REQUIRED WORK:
Copy each line in the data that includes the word "Section".

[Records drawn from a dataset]
=-=-=-=-=

Lemma linearf0 : f 0 = 0. Proof. exact: (raddf0 F). Qed.
Lemma linearfN x : f (- x) = - f x. Proof. exact: (raddfN F). Qed.
Lemma linearfD x y : f (x + y) = f x + f y. Proof. exact: (raddfD F). Qed.
Lemma linearfB x y : f (x - y) = f x - f y. Proof. exact: (raddfB F). Qed.
Lemma linearfZ a x : f (a *: x) = a * f x. Proof. exact: (linearZZ F). Qed.

End LinearFunctional.

Section Sublinear.
Context {R : realType} {E : lmodType R}.

Definition sublinear (p : E -> R) :=
  (forall x y, p (x + y) <= p x + p y) /\
  (forall (t : R) x, 0 < t -> p (t *: x) = t * p x).

Lemma sublinear0 p : sublinear p -> p 0 = 0.
Proof. by case=> _ pZ; have := pZ 2 0 (ltr0Sn _ 1); rewrite scaler0 => h; lra. Qed.

Lemma sublinearZ_ge0 p (t : R) x : sublinear p -> 0 <= t -> p (t *: x) = t * p x.
Proof.
move=> p_sub; rewrite le_eqVlt => /orP[/eqP <-|t_gt0]; last exact: p_sub.2.
by rewrite scale0r mul0r sublinear0.
Qed.

Lemma sublinearN_ge p x : sublinear p -> - p (- x) <= p x.
Proof. by move=> p_sub; have := p_sub.1 x (- x); rewrite subrr sublinear0 // => h; lra. Qed.

Lemma sublinearW p : (forall x y, p (x + y) <= p x + p y) ->
  (forall (t : R) x, 0 < t -> p (t *: x) <= t * p x) -> sublinear p.
Proof.
move=> pD pZ; split=> // t x t_gt0; apply/eqP; rewrite eq_le pZ //=.
have := pZ t^-1 (t *: x); rewrite invr_gt0 scalerA mulVf ?gt_eqF // scale1r.
by move=> /(_ t_gt0); rewrite -(ler_pM2l t_gt0) mulrA mulfV ?gt_eqF // mul1r.
Qed.

Lemma odd_sublinear_linear p : sublinear p -> (forall x, p (- x) = - p x) -> linear p.
Proof.
move=> p_sub pN a u v; have [pD pZ] := p_sub.
have p_add x y : p (x + y) = p x + p y.
  apply/eqP; rewrite eq_le pD /=.
  by have := pD (x + y) (- y); rewrite addrK pN => h; lra.
rewrite p_add; congr (_ + _); change (p (a *: u) = a * p u).
have [a_lt0|a_gt0|->] := ltgtP a 0; last by rewrite scale0r mul0r sublinear0.
- have := pZ (- a) u; rewrite oppr_gt0 scaleNr pN mulNr => /(_ a_lt0).
  exact: oppr_inj.
- exact: pZ.
Qed.

Section ConeInfimum.
Variables (q : E -> R) (K : set (E * R)).
Hypotheses (q_sub : sublinear q) (K00 : K (0, 0))
  (KD : forall k c k' c', K (k, c) -> K (k', c') -> K (k + k', c + c'))
  (KZ : forall (t : R) k c, 0 < t -> K (k, c) -> K (t *: k, t * c))
  (K_lbound : forall x, has_lbound [set q (x + kc.1) - kc.2 | kc in K]).

Definition cone_inf x := inf [set q (x + kc.1) - kc.2 | kc in K].

Lemma cone_inf_le x k c : K (k, c) -> cone_inf x <= q (x + k) - c.
Proof. by move=> Kkc; apply: ge_inf; [exact: K_lbound | exists (k, c)]. Qed.

Lemma le_cone_inf x m : (forall k c, K (k, c) -> m <= q (x + k) - c) -> m <= cone_inf x.
Proof.
move=> m_lb; apply: lb_le_inf; first by exists (q (x + 0) - 0), (0, 0).
by move=> _ [[k c] /m_lb + <-].
Qed.

Lemma cone_inf_sublinear : sublinear cone_inf.
Proof.
apply: sublinearW => [x y|t x t_gt0].
  suff : cone_inf (x + y) - cone_inf y <= cone_inf x by lra.
  apply: le_cone_inf => k c Kkc.
  suff : cone_inf (x + y) - (q (x + k) - c) <= cone_inf y by lra.
  apply: le_cone_inf => k' c' Kkc'.
  have := cone_inf_le (x + y) (KD Kkc Kkc'); have := q_sub.1 (x + k) (y + k').
  by rewrite addrACA => h1 h2; lra.
rewrite mulrC -ler_pdivrMr //; apply: le_cone_inf => k c Kkc.
rewrite ler_pdivrMr // mulrC mulrBr -q_sub.2 // scalerDr.
exact: cone_inf_le (KZ t_gt0 Kkc).
Qed.

End ConeInfimum.

Lemma minimal_sublinear_linear q : sublinear q ->
  (forall s, sublinear s -> (forall x, s x <= q x) -> forall x, q x <= s x) -> linear q.
Proof.
move=> q_sub q_min; apply: odd_sublinear_linear => // y.
(* Minimality against x |-> inf_(s >= 0) q (x + s y) - s q y forces q (- y) <= - q y. *)
pose K := [set (s *: y, s * q y) | s in [set s : R | 0 <= s]].
have K00 : K (0, 0) by exists 0; rewrite /= ?scale0r ?mul0r.
have KD k c k' c' : K (k, c) -> K (k', c') -> K (k + k', c + c').
  move=> [s s_ge0 [<- <-]] [s' s'_ge0 [<- <-]].
  by exists (s + s'); [exact: addr_ge0 | rewrite scalerDl mulrDl].
have KZ (t : R) k c : 0 < t -> K (k, c) -> K (t *: k, t * c).
  move=> t_gt0 [s s_ge0 [<- <-]].
  by exists (t * s); [exact: mulr_ge0 (ltW t_gt0) s_ge0 | rewrite scalerA mulrA].
have K_lbound x : has_lbound [set q (x + kc.1) - kc.2 | kc in K].
  exists (- q (- x)) => _ [_ [s s_ge0 <-] <-] /=.
  have := q_sub.1 (x + s *: y) (- x).
  by rewrite addrC addKr sublinearZ_ge0 // => h; lra.
have qK_sub := cone_inf_sublinear q_sub K00 KD KZ K_lbound.
have qK_le x : cone_inf q K x <= q x.
  by have := cone_inf_le K_lbound x K00; rewrite addr0 subr0.
have K1 : K (y, q y) by exists 1; rewrite /= ?scale1r ?mul1r.
have := le_trans (q_min _ qK_sub qK_le (- y)) (cone_inf_le K_lbound (- y) K1).
rewrite addNr sublinear0 // sub0r => qNy_le.
by apply/eqP; rewrite eq_le qNy_le /= -lerNl sublinearN_ge.
Qed.

Lemma chain_inf_sublinear (S : set (E -> R)) : S !=set0 ->
  (forall s, S s -> sublinear s) ->
  (forall s s', S s -> S s' -> (forall x, s x <= s' x) \/ (forall x, s' x <= s x)) ->
  (forall x, has_lbound [set s x | s in S]) ->
  sublinear (fun x => inf [set s x | s in S]).
Proof.
move=> [s0 Ss0] S_sub S_total S_lbound.
have S_ne x : [set s x | s in S] !=set0 by exists (s0 x), s0.
have inf_le x s : S s -> inf [set s x | s in S] <= s x.
  by move=> Ss; apply: ge_inf; [exact: S_lbound | exists s].
apply: sublinearW => [x y|t x t_gt0].
  apply/ler_addgt0Pr => e e_gt0; have e2_gt0 : 0 < e / 2 by rewrite divr_gt0.
  have [_ [s1 Ss1 <-] s1x] := inf_adherent e2_gt0 (conj (S_ne x) (S_lbound x)).
  have [_ [s2 Ss2 <-] s2y] := inf_adherent e2_gt0 (conj (S_ne y) (S_lbound y)).
  have [s12|s21] := S_total _ _ Ss1 Ss2.
  - have := inf_le (x + y) _ Ss1; have := (S_sub _ Ss1).1 x y; have := s12 y; lra.
  - have := inf_le (x + y) _ Ss2; have := (S_sub _ Ss2).1 x y; have := s21 x; lra.
rewrite mulrC -ler_pdivrMr //; apply: lb_le_inf (S_ne x) _ => _ [s Ss <-].
by rewrite ler_pdivrMr // mulrC -(S_sub _ Ss).2 //; exact: inf_le.
Qed.

Lemma sublinear_linear_minorant p : sublinear p ->
  exists2 f : E -> R, linear f & forall x, f x <= p x.
Proof.
move=> p_sub.
pose T := {q : E -> R | sublinear q /\ forall x, q x <= p x}.
pose ge_pw (a b : T) := `[< forall x, sval b x <= sval a x >].
have p_T : sublinear p /\ forall x, p x <= p x by [].
have [t t_max] : exists t, premaximal ge_pw t.
  apply: (ZL_preorder (exist _ p p_T)) => [a|a b c|A A_total].
  - exact/asboolP.
  - by move=> /asboolP ab /asboolP bc; apply/asboolP => x; exact: le_trans (bc x) (ab x).
  have [[a0 Aa0]|A0] := pselect (A !=set0); last first.
    by exists (exist _ p p_T) => a Aa; case: A0; exists a.
  pose S := sval @` A.
  have S_sub s : S s -> sublinear s by move=> [a _ <-]; exact: (svalP a).1.
  have S_total s s' : S s -> S s' -> (forall x, s x <= s' x) \/ (forall x, s' x <= s x).
    move=> [a Aa <-] [b Ab <-].
    by case: (A_total _ _ Aa Ab) => /asboolP ab; [right | left].
  have S_lbound x : has_lbound [set s x | s in S].
    exists (- p (- x)) => _ [_ [a _ <-] <-]; have [a_sub a_le] := svalP a.
    by apply: le_trans (sublinearN_ge x a_sub); rewrite lerN2.
  pose m x := inf [set s x | s in S].
  have m_sub : sublinear m.
    exact: chain_inf_sublinear (ex_intro _ _ (imageP sval Aa0)) S_sub S_total S_lbound.
  have m_le x s : S s -> m x <= s x by move=> Ss; apply: ge_inf; [exact: S_lbound | exists s].
  have m_le_p x : m x <= p x := le_trans (m_le x _ (imageP sval Aa0)) ((svalP a0).2 x).
  exists (exist _ m (conj m_sub m_le_p)) => a Aa; apply/asboolP => x.
  exact: m_le (imageP sval Aa).
exists (sval t); last exact: (svalP t).2.
apply: minimal_sublinear_linear; first exact: (svalP t).1.
move=> s s_sub s_le x.
have s_T : sublinear s /\ forall x, s x <= p x.
  by split=> // z; exact: le_trans (s_le z) ((svalP t).2 z).
have /t_max /asboolP : ge_pw t (exist _ s s_T) by exact/asboolP.
exact.
Qed.

End Sublinear.

Section DualSpace.
Context {R : realType} {Y : normedModType R}.
Implicit Types (f : Y -> R).

Lemma dualP f : dual f <-> linear f /\ continuous f.
Proof.
split=> [[fD fZ f_cont]|[f_lin f_cont]]; first by split=> // a u v; rewrite fD fZ.
by split=> //; [exact: linearfD | exact: linearfZ].
Qed.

=-=-=-=-=

ANSWER BOX:
Section Sublinear.
Section ConeInfimum.
Section DualSpace.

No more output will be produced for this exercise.